The problem: When you reach the line containing "set cmin := del" in the records below, start copying exactly, and stop once you have copied the line containing "set eta := Num.min".

Material shown:
· · · · · · ·

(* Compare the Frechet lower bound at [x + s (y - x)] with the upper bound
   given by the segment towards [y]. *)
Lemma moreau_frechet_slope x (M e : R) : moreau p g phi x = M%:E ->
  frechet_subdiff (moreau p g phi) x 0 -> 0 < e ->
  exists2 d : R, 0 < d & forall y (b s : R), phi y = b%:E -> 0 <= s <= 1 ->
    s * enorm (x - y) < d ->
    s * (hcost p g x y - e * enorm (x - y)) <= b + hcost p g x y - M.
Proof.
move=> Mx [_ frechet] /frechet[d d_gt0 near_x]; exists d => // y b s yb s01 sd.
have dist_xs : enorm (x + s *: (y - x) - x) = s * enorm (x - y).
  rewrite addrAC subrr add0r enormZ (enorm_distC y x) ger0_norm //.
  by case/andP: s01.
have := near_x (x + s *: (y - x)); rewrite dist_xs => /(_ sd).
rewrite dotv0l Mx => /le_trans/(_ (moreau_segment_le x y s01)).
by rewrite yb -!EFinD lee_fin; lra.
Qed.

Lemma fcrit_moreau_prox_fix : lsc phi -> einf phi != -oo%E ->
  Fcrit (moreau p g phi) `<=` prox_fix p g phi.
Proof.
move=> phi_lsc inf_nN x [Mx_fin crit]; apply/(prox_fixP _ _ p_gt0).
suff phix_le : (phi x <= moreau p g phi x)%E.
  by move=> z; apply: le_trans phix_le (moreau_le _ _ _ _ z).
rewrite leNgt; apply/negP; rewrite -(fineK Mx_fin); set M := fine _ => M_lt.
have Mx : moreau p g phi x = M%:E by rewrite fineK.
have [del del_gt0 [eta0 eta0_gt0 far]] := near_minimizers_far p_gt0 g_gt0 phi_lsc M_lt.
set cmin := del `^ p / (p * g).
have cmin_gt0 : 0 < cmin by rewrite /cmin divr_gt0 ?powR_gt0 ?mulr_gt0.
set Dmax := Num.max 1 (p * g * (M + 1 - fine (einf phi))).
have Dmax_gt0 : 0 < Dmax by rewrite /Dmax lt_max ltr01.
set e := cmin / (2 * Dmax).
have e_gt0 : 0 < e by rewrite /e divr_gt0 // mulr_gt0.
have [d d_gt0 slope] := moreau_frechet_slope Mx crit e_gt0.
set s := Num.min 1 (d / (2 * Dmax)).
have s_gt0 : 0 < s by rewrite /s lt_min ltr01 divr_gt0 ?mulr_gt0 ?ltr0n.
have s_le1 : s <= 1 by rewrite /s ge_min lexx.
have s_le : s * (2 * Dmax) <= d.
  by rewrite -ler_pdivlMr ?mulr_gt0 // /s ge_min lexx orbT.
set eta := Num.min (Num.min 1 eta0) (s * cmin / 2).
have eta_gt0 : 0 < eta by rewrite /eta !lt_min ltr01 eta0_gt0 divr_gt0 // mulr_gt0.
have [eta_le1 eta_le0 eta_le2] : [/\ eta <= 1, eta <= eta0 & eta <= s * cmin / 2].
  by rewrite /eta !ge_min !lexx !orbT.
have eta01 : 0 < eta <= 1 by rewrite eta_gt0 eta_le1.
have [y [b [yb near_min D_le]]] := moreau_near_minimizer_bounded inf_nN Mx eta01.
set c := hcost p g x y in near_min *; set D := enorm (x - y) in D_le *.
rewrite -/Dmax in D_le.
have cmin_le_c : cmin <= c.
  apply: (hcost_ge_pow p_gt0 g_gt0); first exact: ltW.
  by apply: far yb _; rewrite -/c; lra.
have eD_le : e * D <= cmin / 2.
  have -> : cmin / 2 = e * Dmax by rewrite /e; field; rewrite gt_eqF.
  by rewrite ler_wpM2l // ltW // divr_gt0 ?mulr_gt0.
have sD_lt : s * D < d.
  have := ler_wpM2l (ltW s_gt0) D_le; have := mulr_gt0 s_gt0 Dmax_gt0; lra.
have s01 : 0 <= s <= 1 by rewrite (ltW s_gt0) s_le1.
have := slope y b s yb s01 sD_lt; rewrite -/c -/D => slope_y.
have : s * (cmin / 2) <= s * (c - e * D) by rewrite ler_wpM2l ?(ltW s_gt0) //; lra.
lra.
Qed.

· · · · · · ·

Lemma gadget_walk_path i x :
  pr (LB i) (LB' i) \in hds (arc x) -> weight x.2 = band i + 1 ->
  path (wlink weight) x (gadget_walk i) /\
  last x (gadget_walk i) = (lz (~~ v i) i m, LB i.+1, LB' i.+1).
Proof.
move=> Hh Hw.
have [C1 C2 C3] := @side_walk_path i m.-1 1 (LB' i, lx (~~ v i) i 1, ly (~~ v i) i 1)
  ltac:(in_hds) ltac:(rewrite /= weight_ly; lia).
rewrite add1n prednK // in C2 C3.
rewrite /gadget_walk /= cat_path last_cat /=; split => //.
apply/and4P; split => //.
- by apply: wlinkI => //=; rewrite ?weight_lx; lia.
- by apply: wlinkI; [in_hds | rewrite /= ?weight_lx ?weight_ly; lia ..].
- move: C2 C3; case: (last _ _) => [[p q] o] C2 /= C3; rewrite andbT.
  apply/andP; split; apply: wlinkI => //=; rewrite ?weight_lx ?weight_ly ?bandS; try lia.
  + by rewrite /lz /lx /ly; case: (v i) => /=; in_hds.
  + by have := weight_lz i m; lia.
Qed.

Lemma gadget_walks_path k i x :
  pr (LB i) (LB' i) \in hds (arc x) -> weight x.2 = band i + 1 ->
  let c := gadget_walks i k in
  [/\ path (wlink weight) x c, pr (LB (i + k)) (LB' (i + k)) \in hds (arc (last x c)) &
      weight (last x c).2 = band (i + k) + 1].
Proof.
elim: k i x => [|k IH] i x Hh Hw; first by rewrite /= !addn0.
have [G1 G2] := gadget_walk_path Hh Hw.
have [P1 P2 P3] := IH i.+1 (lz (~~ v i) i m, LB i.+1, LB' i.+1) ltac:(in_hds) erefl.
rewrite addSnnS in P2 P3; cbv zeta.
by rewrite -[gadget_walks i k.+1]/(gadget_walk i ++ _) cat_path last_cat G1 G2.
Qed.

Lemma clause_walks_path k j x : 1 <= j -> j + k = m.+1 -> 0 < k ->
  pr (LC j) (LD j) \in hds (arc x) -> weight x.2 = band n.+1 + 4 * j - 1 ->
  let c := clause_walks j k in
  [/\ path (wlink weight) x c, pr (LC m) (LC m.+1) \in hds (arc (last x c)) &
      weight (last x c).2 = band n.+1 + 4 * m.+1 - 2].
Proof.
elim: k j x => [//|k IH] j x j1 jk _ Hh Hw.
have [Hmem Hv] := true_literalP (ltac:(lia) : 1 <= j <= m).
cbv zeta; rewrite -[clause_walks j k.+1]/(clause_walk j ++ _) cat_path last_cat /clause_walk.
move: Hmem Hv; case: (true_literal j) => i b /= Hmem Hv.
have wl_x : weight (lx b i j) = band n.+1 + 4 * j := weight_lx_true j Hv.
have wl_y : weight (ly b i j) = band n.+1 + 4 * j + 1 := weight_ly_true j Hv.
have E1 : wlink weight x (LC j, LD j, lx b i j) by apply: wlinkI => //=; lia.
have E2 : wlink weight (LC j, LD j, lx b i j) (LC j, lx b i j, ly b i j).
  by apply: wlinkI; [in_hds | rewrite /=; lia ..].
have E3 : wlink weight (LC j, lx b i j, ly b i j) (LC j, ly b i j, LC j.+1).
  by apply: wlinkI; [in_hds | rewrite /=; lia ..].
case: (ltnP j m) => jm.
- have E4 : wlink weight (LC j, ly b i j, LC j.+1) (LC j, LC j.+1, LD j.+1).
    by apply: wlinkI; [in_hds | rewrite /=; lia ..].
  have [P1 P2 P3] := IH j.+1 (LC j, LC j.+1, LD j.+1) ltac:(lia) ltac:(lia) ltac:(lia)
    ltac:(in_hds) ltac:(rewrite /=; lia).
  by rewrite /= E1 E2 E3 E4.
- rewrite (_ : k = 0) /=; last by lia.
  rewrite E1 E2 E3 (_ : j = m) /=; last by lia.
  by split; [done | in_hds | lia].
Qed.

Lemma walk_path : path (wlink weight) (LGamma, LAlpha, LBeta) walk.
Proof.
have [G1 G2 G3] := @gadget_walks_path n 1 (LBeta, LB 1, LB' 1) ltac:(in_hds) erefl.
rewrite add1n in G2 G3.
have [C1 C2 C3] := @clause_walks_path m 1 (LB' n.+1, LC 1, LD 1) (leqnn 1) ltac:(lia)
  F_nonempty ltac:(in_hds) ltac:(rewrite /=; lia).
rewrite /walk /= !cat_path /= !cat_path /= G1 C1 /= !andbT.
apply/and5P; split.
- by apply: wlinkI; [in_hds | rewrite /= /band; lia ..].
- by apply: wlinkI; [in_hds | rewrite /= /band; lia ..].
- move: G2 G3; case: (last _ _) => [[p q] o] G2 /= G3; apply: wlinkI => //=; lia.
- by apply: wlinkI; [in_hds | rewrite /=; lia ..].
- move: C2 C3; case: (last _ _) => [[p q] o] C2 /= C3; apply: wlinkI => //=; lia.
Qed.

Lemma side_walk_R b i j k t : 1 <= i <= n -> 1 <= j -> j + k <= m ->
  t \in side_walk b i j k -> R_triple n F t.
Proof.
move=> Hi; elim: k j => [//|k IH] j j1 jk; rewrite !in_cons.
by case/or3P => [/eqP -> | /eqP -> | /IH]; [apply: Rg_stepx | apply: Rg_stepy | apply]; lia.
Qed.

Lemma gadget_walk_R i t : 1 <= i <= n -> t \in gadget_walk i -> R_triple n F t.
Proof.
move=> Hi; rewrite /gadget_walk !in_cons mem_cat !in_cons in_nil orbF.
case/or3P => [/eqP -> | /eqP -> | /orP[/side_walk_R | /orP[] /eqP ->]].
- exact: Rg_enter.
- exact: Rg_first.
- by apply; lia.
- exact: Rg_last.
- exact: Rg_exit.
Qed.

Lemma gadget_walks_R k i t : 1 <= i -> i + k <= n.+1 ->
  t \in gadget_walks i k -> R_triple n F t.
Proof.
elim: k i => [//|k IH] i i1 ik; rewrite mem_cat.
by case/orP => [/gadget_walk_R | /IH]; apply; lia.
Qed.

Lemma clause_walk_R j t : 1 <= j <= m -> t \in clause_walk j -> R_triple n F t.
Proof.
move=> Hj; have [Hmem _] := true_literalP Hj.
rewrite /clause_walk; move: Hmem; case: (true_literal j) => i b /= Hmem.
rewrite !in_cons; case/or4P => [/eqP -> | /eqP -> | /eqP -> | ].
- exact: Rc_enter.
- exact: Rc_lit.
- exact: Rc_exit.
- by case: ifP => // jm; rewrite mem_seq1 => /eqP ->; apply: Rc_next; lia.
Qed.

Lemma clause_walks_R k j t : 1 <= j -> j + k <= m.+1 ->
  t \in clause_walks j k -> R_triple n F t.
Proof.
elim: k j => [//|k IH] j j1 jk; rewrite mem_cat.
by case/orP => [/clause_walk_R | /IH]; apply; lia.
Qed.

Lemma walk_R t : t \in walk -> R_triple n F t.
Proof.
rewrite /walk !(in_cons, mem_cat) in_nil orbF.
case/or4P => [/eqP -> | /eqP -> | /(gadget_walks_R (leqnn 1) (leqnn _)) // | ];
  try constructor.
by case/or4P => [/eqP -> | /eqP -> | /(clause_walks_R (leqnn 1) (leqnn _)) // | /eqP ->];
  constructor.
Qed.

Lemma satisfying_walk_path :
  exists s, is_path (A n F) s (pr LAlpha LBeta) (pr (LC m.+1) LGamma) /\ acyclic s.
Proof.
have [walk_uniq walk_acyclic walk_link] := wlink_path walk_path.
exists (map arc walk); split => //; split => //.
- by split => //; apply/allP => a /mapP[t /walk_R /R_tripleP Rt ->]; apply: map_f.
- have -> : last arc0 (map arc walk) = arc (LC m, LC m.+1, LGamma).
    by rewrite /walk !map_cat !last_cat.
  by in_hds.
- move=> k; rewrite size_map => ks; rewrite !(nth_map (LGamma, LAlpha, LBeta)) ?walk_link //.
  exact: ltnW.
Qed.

· · · · · · ·

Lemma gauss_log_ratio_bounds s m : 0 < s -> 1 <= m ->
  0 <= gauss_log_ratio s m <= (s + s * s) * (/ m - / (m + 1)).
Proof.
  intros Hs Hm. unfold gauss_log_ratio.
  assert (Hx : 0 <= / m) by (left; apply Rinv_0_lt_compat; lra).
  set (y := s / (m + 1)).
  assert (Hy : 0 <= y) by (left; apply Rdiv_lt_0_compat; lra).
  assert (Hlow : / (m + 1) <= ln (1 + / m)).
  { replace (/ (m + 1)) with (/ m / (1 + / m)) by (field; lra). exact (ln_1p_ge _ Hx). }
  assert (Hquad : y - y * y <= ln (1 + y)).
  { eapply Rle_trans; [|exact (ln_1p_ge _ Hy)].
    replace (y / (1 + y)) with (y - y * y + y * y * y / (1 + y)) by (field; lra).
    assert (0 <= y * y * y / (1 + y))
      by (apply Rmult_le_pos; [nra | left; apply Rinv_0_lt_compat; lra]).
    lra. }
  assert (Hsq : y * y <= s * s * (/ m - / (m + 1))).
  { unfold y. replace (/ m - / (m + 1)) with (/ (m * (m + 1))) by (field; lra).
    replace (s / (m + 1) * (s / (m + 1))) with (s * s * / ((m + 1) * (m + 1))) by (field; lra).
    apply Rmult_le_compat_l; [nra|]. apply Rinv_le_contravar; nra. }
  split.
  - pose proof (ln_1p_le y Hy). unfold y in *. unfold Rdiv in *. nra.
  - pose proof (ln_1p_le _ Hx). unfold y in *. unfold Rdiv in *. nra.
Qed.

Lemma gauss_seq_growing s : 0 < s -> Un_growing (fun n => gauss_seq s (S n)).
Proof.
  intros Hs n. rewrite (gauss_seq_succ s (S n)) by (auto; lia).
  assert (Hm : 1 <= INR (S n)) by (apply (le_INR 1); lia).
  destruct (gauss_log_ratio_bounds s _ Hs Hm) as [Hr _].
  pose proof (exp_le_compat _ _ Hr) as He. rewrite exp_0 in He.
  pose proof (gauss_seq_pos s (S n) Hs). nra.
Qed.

· · · · · · ·

Solution:
set cmin := del `^ p / (p * g).
have cmin_gt0 : 0 < cmin by rewrite /cmin divr_gt0 ?powR_gt0 ?mulr_gt0.
set Dmax := Num.max 1 (p * g * (M + 1 - fine (einf phi))).
have Dmax_gt0 : 0 < Dmax by rewrite /Dmax lt_max ltr01.
set e := cmin / (2 * Dmax).
have e_gt0 : 0 < e by rewrite /e divr_gt0 // mulr_gt0.
have [d d_gt0 slope] := moreau_frechet_slope Mx crit e_gt0.
set s := Num.min 1 (d / (2 * Dmax)).
have s_gt0 : 0 < s by rewrite /s lt_min ltr01 divr_gt0 ?mulr_gt0 ?ltr0n.
have s_le1 : s <= 1 by rewrite /s ge_min lexx.
have s_le : s * (2 * Dmax) <= d.
  by rewrite -ler_pdivlMr ?mulr_gt0 // /s ge_min lexx orbT.
set eta := Num.min (Num.min 1 eta0) (s * cmin / 2).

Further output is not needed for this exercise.